Three African countries are set to test the world’s first malaria vaccine, the World Health Organization announced Monday. Ghana, Kenya and Malawi will begin piloting the injectable vaccine next year with hundreds of thousands of young children, who have been at highest risk of death.
The vaccine, which has partial effectiveness, has the potential to save tens of thousands of lives if used with existing measures, the WHO regional director for Africa, Matshidiso Moeti, said in a statement.
Malaria remains one of the world’s most stubborn health challenges, infecting more than 200 million people every year and killing about half a million, most of them children in Africa. Bed netting and insecticides are the chief protection.
Sub-Saharan Africa is hardest hit by the disease, with about 90 percent of the world’s cases in 2015. Malaria spreads when a mosquito bites someone already infected, sucks up blood and parasites, and then bites another person.

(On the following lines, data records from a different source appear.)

Lemma size_bin_le_ceil (R : archiRealFieldType) (A : seq int) k j :
  sorted <%R A -> (2 <= size A)%N -> (0 < k)%N ->
  (size (bin A k j) <= `|Num.ceil ((size A)%:R * gap_ratio R A / k%:R)|)%N.
Proof.
move=> ltA A2 k0; have Gmin0 := Gmin_gt0 ltA A2.
have Gmax0 : 0 < Gmax A.
  exact: lt_le_trans Gmin0 (le_trans (Gmin_le (mem_gaps A2)) (le_Gmax (mem_gaps A2))).
have /andP[_ span_le] := span_bounds A.
have := size_bin_span A k j ltA A2.
case: (size (bin A k j)) => [//|m] /= span_bin.
have lt_int : m%:Z * Gmin A * k%:Z < (size A)%:Z * Gmax A.
  rewrite -natz; apply: (le_lt_trans span_bin); apply: (le_lt_trans span_le).
  by rewrite ltr_pM2r // -!natz ltr_nat prednK // ltnW.
have lt_real : (m%:R : R) < (size A)%:R * gap_ratio R A / k%:R.
  have Gmin0R : (0 : R) < (Gmin A)%:~R by rewrite ltr0z.
  rewrite /gap_ratio ltr_pdivlMr ?ltr0n // mulrA ltr_pdivlMr //.
  by rewrite -(ltr_int R) !intrM in lt_int; rewrite mulrAC.
have := lt_le_trans lt_real (ceil_ge _); rewrite pmulrn ltr_int.
by set c := Num.ceil _; lia.
Qed.

Lemma sum_count_eq_le (T : Type) (h : T -> nat) (r : seq nat) (s : seq T) :
  uniq r -> (\sum_(j <- r) count (fun a => h a == j) s <= size s)%N.
Proof.
move=> uniq_r; elim: s => [|a s IH] /=; first by rewrite big1.
rewrite big_split /= -addn1 addnC leq_add //.
rewrite -big_mkcond /= sum1_count.
by under eq_count => j do rewrite eq_sym; rewrite count_uniq_mem ?leq_b1.
Qed.

Section BuildCost.
Context {R : realFieldType} {g : nat -> R}.
Hypotheses (g_nondecr : forall c, g c <= g c.+1) (g1_gt0 : 0 < g 1%N).

Let g_homo : {homo g : m n / (m <= n)%N >-> m <= n}.
Proof. exact: homo_leq lexx le_trans g_nondecr. Qed.

Lemma max1_mul_le m n : (m <= n)%N -> Num.max 1 (m%:R * g m) <= 1 + m%:R * g n.
Proof.
case: m => [|m] le_mn; first by rewrite !mul0r addr0 ge_max lexx ler01.
have gm0 : 0 <= g m.+1 by rewrite ltW // (lt_le_trans g1_gt0) ?g_homo.
have le_gmn : m.+1%:R * g m.+1 <= m.+1%:R * g n by rewrite ler_wpM2l ?g_homo.
rewrite ge_max lerDl (le_trans _ le_gmn) ?mulr_ge0 //=.
by rewrite (le_trans le_gmn) // lerDr.
Qed.

Context {bc : seq int -> R} {Cb : R}.
Hypothesis bc_le : forall s, sorted <%R s ->
  bc s <= Cb * Num.max 1 ((size s)%:R * g (size s)).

The vaccine will be tested on children 5 to 17 months old to see whether its protective effects shown so far in clinical trials can hold up under real-life conditions. At least 120,000 children in each of the 3 countries will receive the vaccine, which has taken decades of work and hundreds of millions of dollars to develop.
Kenya, Ghana and Malawi will run the vaccine pilot because all have strong prevention and vaccination programs but continue to have high numbers of malaria cases. The countries will deliver the vaccine through their existing vaccination programs.
It is hoped that malaria will be eliminated globally by 2040 despite increasing resistance problems to both drugs and insecticides used to kill mosquitoes.
Southeast Asia, Latin America and the Middle East also have malaria cases.